Feature Importances:  (3,[0,1,2],[0.02290557016504808,0.0004954835758582166,0.9765989462590937])


In [32]:
from pyspark.mllib.evaluation import MulticlassMetrics
from pyspark.sql import Row

# Convert predictions to RDD format
prediction_rdd = predictions.select("label", "prediction").rdd.map(lambda row: (row["prediction"], row["label"]))

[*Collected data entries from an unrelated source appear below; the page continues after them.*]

(* Let $G$ be a simple graph and $v_0\in V(G)$ with $N_G(v_0)=\{u_1,u_2\}$ ($u_1\ne u_2$). (i) Suppose $u_1u_2\in E(G)$, let $G'=G-u_1u_2-v_0$ and $g\in\mathrm{SEDF}^0(G')$. Define $f:E(G)\to\{1,-1\}$ by $f(e)=g(e)$ for $e\in E(G')$, $f(v_0u_i)=1$ for $i=1,2$, and $f(u_1u_2)=-1$. Then $f\in\mathrm{SEDF}^0(G)$ and $f(G)=g(G')+1$. (ii) Suppose $u_1u_2\notin E(G)$, let $G'=G+u_1u_2-v_0$ and $g\in\mathrm{SEDF}^0(G')$. Define $f:E(G)\to\{1,-1\}$ by $f(e)=g(e)$ for $e\in E(G')\setminus\{u_1u_2\}$, $f(u_1v_0)=1$, and $f(u_2v_0)=g(u_1u_2)$. Then $f\in\mathrm{SEDF}^0(G)$ and $f(G)=g(G')+1$.
   Context: For a graph $H$ and $f:E(H)\to\{1,-1\}$, $f(H)=\sum_{e\in E(H)}f(e)$ and $f(v)=\sum_{e\in E_H(v)}f(e)$, where $E_H(v)$ is the set of edges of $H$ incident with $v$. $\mathrm{SEDF}^0(H)$ is the set of functions $f:E(H)\to\{1,-1\}$ such that (a) $f(v)\ge 0$ for all $v\in V(H)$, and (b) $f(u)+f(v)\ge 2$ for every edge $uv$ with $f(uv)=1$. $G-u_1u_2-v_0$ is obtained by deleting the edge $u_1u_2$ and the vertex $v_0$; $G+u_1u_2-v_0$ by adding the edge $u_1u_2$ and deleting $v_0$. *)

From mathcomp Require Import all_boot all_order all_algebra.
Set Implicit Arguments. Unset Strict Implicit. Unset Printing Implicit Defensive.
Import Order.TTheory GRing.Theory Num.Theory.
Local Open Scope ring_scope.

Definition simple_graph (T : finType) (V : {set T}) (E : {set {set T}}) : Prop :=
  forall e, e \in E -> e \subset V /\ #|e| = 2%N.

Definition fsum (T : finType) (E : {set {set T}}) (f : {set T} -> int) : int :=
  \sum_(e in E) f e.

Definition fvert (T : finType) (E : {set {set T}}) (f : {set T} -> int) (v : T) : int :=
  \sum_(e in E | v \in e) f e.

Definition SEDF0 (T : finType) (V : {set T}) (E : {set {set T}}) (f : {set T} -> int) : Prop :=
  [/\ (forall e, e \in E -> f e = 1 \/ f e = -1),
      (forall v, v \in V -> 0 <= fvert E f v) &
      (forall u v, [set u; v] \in E -> u != v -> f [set u; v] = 1 ->
                   2 <= fvert E f u + fvert E f v)].

Definition nbhd (T : finType) (E : {set {set T}}) (v : T) : {set T} :=
  [set u | [set v; u] \in E].

(* Deleting v0 only affects the edge sums at u1, u2 and v0.  In case (i) the
   new edges v0u1, v0u2 get 1 and u1u2 gets -1, so f(x) = g(x) for x <> v0
   and f(v0) = 2.  In case (ii) the edge u1u2 of G' is subdivided by v0:
   v0u2 inherits the value of u1u2 and v0u1 gets 1, so f(x) = g(x) except
   f(u1) = g(u1) + 1 - g(u1u2) >= g(u1), and f(v0) = 1 + g(u1u2).  Hence
   f(x) >= g(x) off v0, which transfers (a) and (b) from g along the edges
   avoiding v0, and the two edges at v0 are checked by hand. *)

From mathcomp Require Import all_boot all_order all_algebra.
From mathcomp Require Import zify.

Set Implicit Arguments.
Unset Strict Implicit.
Unset Printing Implicit Defensive.

Import Order.TTheory GRing.Theory Num.Theory.
Local Open Scope ring_scope.

Section EdgeSums.
Variable T : finType.
Implicit Types (A : {set {set T}}) (f g : {set T} -> int).

Lemma fvertU1 A a f v :
  a \notin A -> fvert (a |: A) f v = (if v \in a then f a else 0) + fvert A f v.
Proof. by move=> aA; rewrite /fvert big_mkcondr big_setU1 //= -big_mkcondr. Qed.

Lemma fsumU1 A a f : a \notin A -> fsum (a |: A) f = f a + fsum A f.
Proof. exact: big_setU1. Qed.

Lemma eq_in_fvert A f g v : {in A, f =1 g} -> fvert A f v = fvert A g v.
Proof. by move=> fg; apply: eq_bigr => e /andP[eA _]; apply: fg. Qed.

Lemma eq_in_fsum A f g : {in A, f =1 g} -> fsum A f = fsum A g.
Proof. exact: eq_bigr. Qed.

Lemma fvert_eq0 A f (v : T) : (forall e, e \in A -> v \notin e) -> fvert A f v = 0.
Proof. by move=> vA; rewrite /fvert big1 // => e /andP[/vA/negP]. Qed.

End EdgeSums.

Lemma SEDF0_vertex_extension (T : finType) (V : {set T}) (E E' : {set {set T}})
    (v0 : T) (f g : {set T} -> int) :
  SEDF0 (V :\ v0) E' g ->
  (forall e, e \in E -> f e = 1 \/ f e = -1) ->
  (forall x, x != v0 -> fvert E' g x <= fvert E f x) ->
  0 <= fvert E f v0 ->
  (forall e, e \in E -> v0 \notin e -> f e = 1 -> e \in E' /\ g e = 1) ->
  (forall w, [set v0; w] \in E -> f [set v0; w] = 1 ->
     2 <= fvert E f v0 + fvert E f w) ->
  SEDF0 V E f.
Proof.
move=> [_ g_ge0 g_edge] f_sign f_ge_g f_v0_ge0 f_off_v0 f_at_v0; split=> //.
  move=> x xV; case: (eqVneq x v0) => [-> // | xv0].
  by apply: le_trans (f_ge_g x xv0); apply: g_ge0; rewrite in_setD1 xv0.
move=> u v uvE uv fuv.
case: (eqVneq u v0) => [uv0 | uv0].
  by rewrite uv0 in uvE fuv *; apply: f_at_v0.
case: (eqVneq v v0) => [vv0 | vv0].
  by rewrite vv0 setUC in uvE fuv *; rewrite addrC; apply: f_at_v0.
have v0uv : v0 \notin [set u; v] by rewrite in_set2 !(eq_sym v0) negb_or uv0 vv0.
have [uvE' guv] := f_off_v0 _ uvE v0uv fuv.
have := g_edge u v uvE' uv guv; have := f_ge_g u uv0; have := f_ge_g v vv0; lia.
Qed.

Section SimpleGraph.
Variables (T : finType) (V : {set T}) (E : {set {set T}}).
Hypothesis simpleE : simple_graph V E.

Lemma edge_neq (x y : T) : [set x; y] \in E -> x != y.
Proof.
by move=> /simpleE[_]; apply: contra_eqN => /eqP <-; rewrite setUid cards1.
Qed.

Lemma edge_subset_vertices (x y : T) : [set x; y] \in E -> x \in V /\ y \in V.
Proof. by move=> /simpleE[/subsetP sV _]; rewrite !sV ?set21 ?set22. Qed.

Section DegreeTwoVertex.
Variables v0 u1 u2 : T.
Hypotheses (u1_neq_u2 : u1 != u2) (nbhd_v0 : nbhd E v0 = [set u1; u2]).

(* [E0] mentions [E], hence the [{1}] when rewriting with [edges_at_v0]. *)
Local Notation E0 := [set e in E | v0 \notin e].

Lemma edge_v0u1 : [set v0; u1] \in E.
Proof. by have := set21 u1 u2; rewrite -nbhd_v0 inE. Qed.

Lemma edge_v0u2 : [set v0; u2] \in E.
Proof. by have := set22 u1 u2; rewrite -nbhd_v0 inE. Qed.

Lemma u1_neq_v0 : u1 != v0.
Proof. by rewrite eq_sym; apply: edge_neq edge_v0u1. Qed.

Lemma u2_neq_v0 : u2 != v0.
Proof. by rewrite eq_sym; apply: edge_neq edge_v0u2. Qed.

Lemma v0_notin_u1u2 : v0 \notin [set u1; u2].
Proof. by rewrite in_set2 negb_or !(eq_sym v0) u1_neq_v0 u2_neq_v0. Qed.

Lemma edge_at_v0 e : e \in E -> v0 \in e ->
  (e == [set v0; u1]) || (e == [set v0; u2]).
Proof.
move=> eE; have [_ /eqP/cards2P[x [y [_ exy]]]] := simpleE eE.
have nb w : [set v0; w] \in E ->
    ([set v0; w] == [set v0; u1]) || ([set v0; w] == [set v0; u2]).
  move=> wE; have : w \in nbhd E v0 by rewrite inE.
  by rewrite nbhd_v0 in_set2 => /orP[]/eqP->; rewrite eqxx ?orbT.
rewrite exy in_set2 => /orP[]/eqP xy; first by rewrite -xy nb // xy -exy.
by rewrite -xy setUC nb // setUC xy -exy.
Qed.

Lemma edges_at_v0 : E = [set v0; u1] |: ([set v0; u2] |: E0).
Proof.
apply/setP => e; rewrite !in_setU1 inE; apply/idP/idP => [eE|].
  by case v0e: (v0 \in e); [rewrite orbA (edge_at_v0 eE v0e) | rewrite eE !orbT].
by case/or3P => [/eqP-> | /eqP-> | /andP[]]; rewrite ?edge_v0u1 ?edge_v0u2.
Qed.

Lemma fvert_E0_v0 h : fvert E0 h v0 = 0.
Proof. by apply: fvert_eq0 => e; rewrite inE => /andP[]. Qed.

Lemma edge_v0u2_notin : [set v0; u2] \notin E0.
Proof. by rewrite inE set21 andbF. Qed.

Lemma edge_v0u1_notin : [set v0; u1] \notin [set v0; u2] |: E0.
Proof.
rewrite in_setU1 inE set21 andbF orbF.
apply: contraNN u1_neq_u2 => /eqP e12.
by have := set22 v0 u1; rewrite e12 in_set2 (negbTE u1_neq_v0).
Qed.

Lemma fvert_degree2 h x : fvert E h x =
  (if x \in [set v0; u1] then h [set v0; u1] else 0) +
  (if x \in [set v0; u2] then h [set v0; u2] else 0) + fvert E0 h x.
Proof.
by rewrite {1}edges_at_v0 !fvertU1 ?edge_v0u1_notin ?edge_v0u2_notin // addrA.
Qed.

Lemma fsum_degree2 h :
  fsum E h = h [set v0; u1] + h [set v0; u2] + fsum E0 h.
Proof.
by rewrite {1}edges_at_v0 !fsumU1 ?edge_v0u1_notin ?edge_v0u2_notin // addrA.
Qed.

Lemma fvert_at_v0 h : fvert E h v0 = h [set v0; u1] + h [set v0; u2].
Proof. by rewrite fvert_degree2 !set21 fvert_E0_v0 addr0. Qed.

Lemma fvert_off_v0 h x : x != v0 -> fvert E h x =
  (if x == u1 then h [set v0; u1] else 0) +
  (if x == u2 then h [set v0; u2] else 0) + fvert E0 h x.
Proof. by move=> xv0; rewrite fvert_degree2 !in_set2 (negbTE xv0). Qed.

Section TriangleCase.
Hypothesis u1u2_E : [set u1; u2] \in E.
Variable g : {set T} -> int.
Local Notation E' := (E0 :\ [set u1; u2]).
Hypothesis g_SEDF0 : SEDF0 (V :\ v0) E' g.

Definition triangle_lift e : int :=
  if (e == [set v0; u1]) || (e == [set v0; u2]) then 1
  else if e == [set u1; u2] then -1 else g e.

Lemma triangle_edges : E0 = [set u1; u2] |: E'.
Proof. by rewrite setD1K // inE u1u2_E v0_notin_u1u2. Qed.

Lemma triangle_lift_u1u2 : triangle_lift [set u1; u2] = -1.
Proof.
rewrite /triangle_lift eqxx ifF //; apply/negP => /orP[]/eqP e12;
  by move: v0_notin_u1u2; rewrite e12 set21.
Qed.

Lemma triangle_lift_eq : {in E', triangle_lift =1 g}.
Proof.
move=> e; rewrite !inE => /andP[ne12 /andP[_ v0e]].
have nv0 w : (e == [set v0; w]) = false.
  by apply: contraNF v0e => /eqP->; rewrite set21.
by rewrite /triangle_lift !nv0 (negbTE ne12).
Qed.

Lemma triangle_lift_v0u1 : triangle_lift [set v0; u1] = 1.
Proof. by rewrite /triangle_lift eqxx. Qed.

Lemma triangle_lift_v0u2 : triangle_lift [set v0; u2] = 1.
Proof. by rewrite /triangle_lift eqxx orbT. Qed.

Lemma fvert_triangle_lift x : x != v0 -> fvert E triangle_lift x = fvert E' g x.
Proof.
move=> xv0; rewrite fvert_off_v0 // {1}triangle_edges fvertU1 ?setD11 //.
rewrite (eq_in_fvert _ triangle_lift_eq) triangle_lift_v0u1 triangle_lift_v0u2.
rewrite triangle_lift_u1u2 in_set2.
case: (eqVneq x u1) => [->|_]; first by rewrite (negbTE u1_neq_u2) /=; lia.
by case: (x == u2) => /=; lia.
Qed.

Lemma fvert_triangle_lift_v0 : fvert E triangle_lift v0 = 2.
Proof. by rewrite fvert_at_v0 triangle_lift_v0u1 triangle_lift_v0u2. Qed.

Lemma SEDF0_triangle_lift : SEDF0 V E triangle_lift.
Proof.
have [g_sign g_ge0 _] := g_SEDF0.
apply: (SEDF0_vertex_extension g_SEDF0).
- move=> e eE; rewrite /triangle_lift.
  case: ifP => [_|/norP[ne1 ne2]]; first by left.
  case: ifPn => [_|ne12]; first by right.
  apply: g_sign; move: eE; rewrite {1}edges_at_v0 !in_setU1.
  by rewrite (negbTE ne1) (negbTE ne2) in_setD1 ne12.
- by move=> x xv0; rewrite fvert_triangle_lift.
- by rewrite fvert_triangle_lift_v0.
- move=> e eE v0e fe; have eE0 : e \in E0 by rewrite inE eE v0e.
  have eE' : e \in E'.
    rewrite in_setD1 eE0 andbT; apply: contra_eqN fe => /eqP->.
    by rewrite triangle_lift_u1u2.
  by rewrite -triangle_lift_eq.
- move=> w wE _; have wv0 : w != v0 by rewrite eq_sym (edge_neq wE).
  have [_ wV] := edge_subset_vertices wE.
  rewrite fvert_triangle_lift_v0 fvert_triangle_lift // lerDl.
  by apply: g_ge0; rewrite in_setD1 wv0.
Qed.

Lemma fsum_triangle_lift : fsum E triangle_lift = fsum E' g + 1.
Proof.
rewrite fsum_degree2 {1}triangle_edges fsumU1 ?setD11 //.
rewrite (eq_in_fsum triangle_lift_eq).
by rewrite triangle_lift_v0u1 triangle_lift_v0u2 triangle_lift_u1u2; lia.
Qed.

End TriangleCase.

Section SubdivisionCase.
Hypothesis u1u2_notin_E : [set u1; u2] \notin E.
Variable g : {set T} -> int.
Local Notation E' := (E0 :|: [set [set u1; u2]]).
Hypothesis g_SEDF0 : SEDF0 (V :\ v0) E' g.

Definition subdivision_lift e : int :=
  if e == [set u1; v0] then 1
  else if e == [set u2; v0] then g [set u1; u2] else g e.

Lemma subdivision_edges : E' = [set u1; u2] |: E0.
Proof. exact: setUC. Qed.

Lemma u1u2_notin_E0 : [set u1; u2] \notin E0.
Proof. by rewrite inE (negbTE u1u2_notin_E). Qed.

Lemma g_u1u2_sign : g [set u1; u2] = 1 \/ g [set u1; u2] = -1.
Proof.
have [g_sign _ _] := g_SEDF0.
by apply: g_sign; rewrite subdivision_edges setU11.
Qed.

Lemma subdivision_lift_eq : {in E0, subdivision_lift =1 g}.
Proof.
move=> e; rewrite inE => /andP[_ v0e].
have nv0 w : (e == [set w; v0]) = false.
  by apply: contraNF v0e => /eqP->; rewrite set22.
by rewrite /subdivision_lift !nv0.
Qed.

Lemma subdivision_lift_v0u1 : subdivision_lift [set v0; u1] = 1.
Proof. by rewrite /subdivision_lift setUC eqxx. Qed.

Lemma subdivision_lift_v0u2 : subdivision_lift [set v0; u2] = g [set u1; u2].
Proof.
rewrite /subdivision_lift setUC eqxx ifF //; apply: contraNF u1_neq_u2 => /eqP e21.
by have := set21 u2 v0; rewrite e21 in_set2 (negbTE u2_neq_v0) orbF eq_sym.
Qed.

Lemma fvert_subdivision_lift x : x != v0 -> fvert E subdivision_lift x =
  fvert E' g x + (if x == u1 then 1 - g [set u1; u2] else 0).
Proof.
move=> xv0; rewrite fvert_off_v0 // subdivision_edges fvertU1 ?u1u2_notin_E0 //.
rewrite (eq_in_fvert _ subdivision_lift_eq).
rewrite subdivision_lift_v0u1 subdivision_lift_v0u2 in_set2.
case: (eqVneq x u1) => [->|_]; first by rewrite (negbTE u1_neq_u2) /=; lia.
by case: (x == u2) => /=; lia.
Qed.

Lemma fvert_subdivision_lift_v0 :
  fvert E subdivision_lift v0 = 1 + g [set u1; u2].
Proof. by rewrite fvert_at_v0 subdivision_lift_v0u1 subdivision_lift_v0u2. Qed.

Lemma fvert_subdivision_lift_ge x : x != v0 ->
  fvert E' g x <= fvert E subdivision_lift x.
Proof.
move=> xv0; rewrite fvert_subdivision_lift //.
by case: g_u1u2_sign => ->; case: (x == u1); lia.
Qed.

Lemma SEDF0_subdivision_lift : SEDF0 V E subdivision_lift.
Proof.
have [g_sign g_ge0 _] := g_SEDF0.
have E0_E' e : e \in E0 -> e \in E'.
  by rewrite subdivision_edges in_setU1 orbC => ->.
apply: (SEDF0_vertex_extension g_SEDF0).
- move=> e eE; rewrite /subdivision_lift.
  case: ifP => [_|ne1]; first by left.
  case: ifP => [_|ne2]; first exact: g_u1u2_sign.
  apply/g_sign/E0_E'; move: eE; rewrite {1}edges_at_v0 !in_setU1.
  by rewrite ![[set v0; _]]setUC ne1 ne2.
- exact: fvert_subdivision_lift_ge.
- by rewrite fvert_subdivision_lift_v0; case: g_u1u2_sign => ->.
- move=> e eE v0e fe; have eE0 : e \in E0 by rewrite inE eE v0e.
  by rewrite E0_E' // -subdivision_lift_eq.
- move=> w wE; have : w \in nbhd E v0 by rewrite inE.
  have gu1_ge0 : 0 <= fvert E' g u1.
    have [_ u1V] := edge_subset_vertices edge_v0u1.
    by apply: g_ge0; rewrite in_setD1 u1_neq_v0.
  rewrite nbhd_v0 in_set2 => /orP[]/eqP->.
    rewrite fvert_subdivision_lift_v0 fvert_subdivision_lift ?u1_neq_v0 // eqxx.
    lia.
  rewrite subdivision_lift_v0u2 fvert_subdivision_lift_v0 => ->.
  have [_ u2V] := edge_subset_vertices edge_v0u2.
  have := fvert_subdivision_lift_ge u2_neq_v0.
  have : 0 <= fvert E' g u2 by apply: g_ge0; rewrite in_setD1 u2_neq_v0.
  lia.
Qed.

Lemma fsum_subdivision_lift : fsum E subdivision_lift = fsum E' g + 1.
Proof.
rewrite fsum_degree2 subdivision_edges fsumU1 ?u1u2_notin_E0 //.
rewrite (eq_in_fsum subdivision_lift_eq) subdivision_lift_v0u1 subdivision_lift_v0u2.
lia.
Qed.

End SubdivisionCase.

End DegreeTwoVertex.

End SimpleGraph.

Theorem lemma2p3 (T : finType) (V : {set T}) (E : {set {set T}})
  (v0 u1 u2 : T) :
  simple_graph V E -> v0 \in V ->
  u1 != u2 -> nbhd E v0 = [set u1; u2] ->
  (* (i) *)
  ([set u1; u2] \in E ->
   forall g : {set T} -> int,
   let V' := V :\ v0 in
   let E' := [set e in E | v0 \notin e] :\ [set u1; u2] in
   SEDF0 V' E' g ->
   let f := fun e : {set T} =>
     if (e == [set v0; u1]) || (e == [set v0; u2]) then 1
     else if e == [set u1; u2] then -1 else g e in
   SEDF0 V E f /\ fsum E f = fsum E' g + 1) /\
  (* (ii) *)
  ([set u1; u2] \notin E ->
   forall g : {set T} -> int,
   let V' := V :\ v0 in
   let E' := [set e in E | v0 \notin e] :|: [set [set u1; u2]] in
   SEDF0 V' E' g ->
   let f := fun e : {set T} =>
     if e == [set u1; v0] then 1
     else if e == [set u2; v0] then g [set u1; u2] else g e in
   SEDF0 V E f /\ fsum E f = fsum E' g + 1).
Proof.
move=> simpleE _ u1_neq_u2 nbhd_v0; split.
  move=> u1u2_E g V' E' g_SEDF0 f; split.
    exact: (SEDF0_triangle_lift simpleE u1_neq_u2 nbhd_v0 u1u2_E g_SEDF0).
  exact: (fsum_triangle_lift simpleE u1_neq_u2 nbhd_v0 u1u2_E g).
move=> u1u2_notin_E g V' E' g_SEDF0 f; split.
  exact: (SEDF0_subdivision_lift simpleE u1_neq_u2 nbhd_v0 u1u2_notin_E g_SEDF0).
exact: (fsum_subdivision_lift simpleE u1_neq_u2 nbhd_v0 u1u2_notin_E g).
Qed.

# Compute confusion matrix
metrics = MulticlassMetrics(prediction_rdd)
print("Confusion Matrix:\n", metrics.confusionMatrix().toArray())




Confusion Matrix:
 [[662.  18.  11.]
 [ 18. 664.   0.]
 [  4.   0.  33.]]


In [33]:
tableau_data = predictions.select("features", "label", "prediction")


In [34]:
from pyspark.sql.functions import udf
from pyspark.sql.types import StringType

# Define mapping from numerical labels back to category names
def label_to_category(label):
    mapping = {0.0: "Low", 1.0: "Medium", 2.0: "High"}
    return mapping.get(label, "Unknown")

# Create UDF
label_to_category_udf = udf(label_to_category, StringType())

# Apply mapping
tableau_data = tableau_data.withColumn("Predicted Category", label_to_category_udf(col("prediction")))
tableau_data = tableau_data.withColumn("Actual Category", label_to_category_udf(col("label")))


In [35]:
tableau_data.write.csv("tableau_classification_results.csv", header=True, mode="overwrite")


AnalysisException: [UNSUPPORTED_DATA_TYPE_FOR_DATASOURCE] The CSV datasource doesn't support the column `features` of the type "STRUCT<type: TINYINT, size: INT, indices: ARRAY<INT>, values: ARRAY<DOUBLE>>".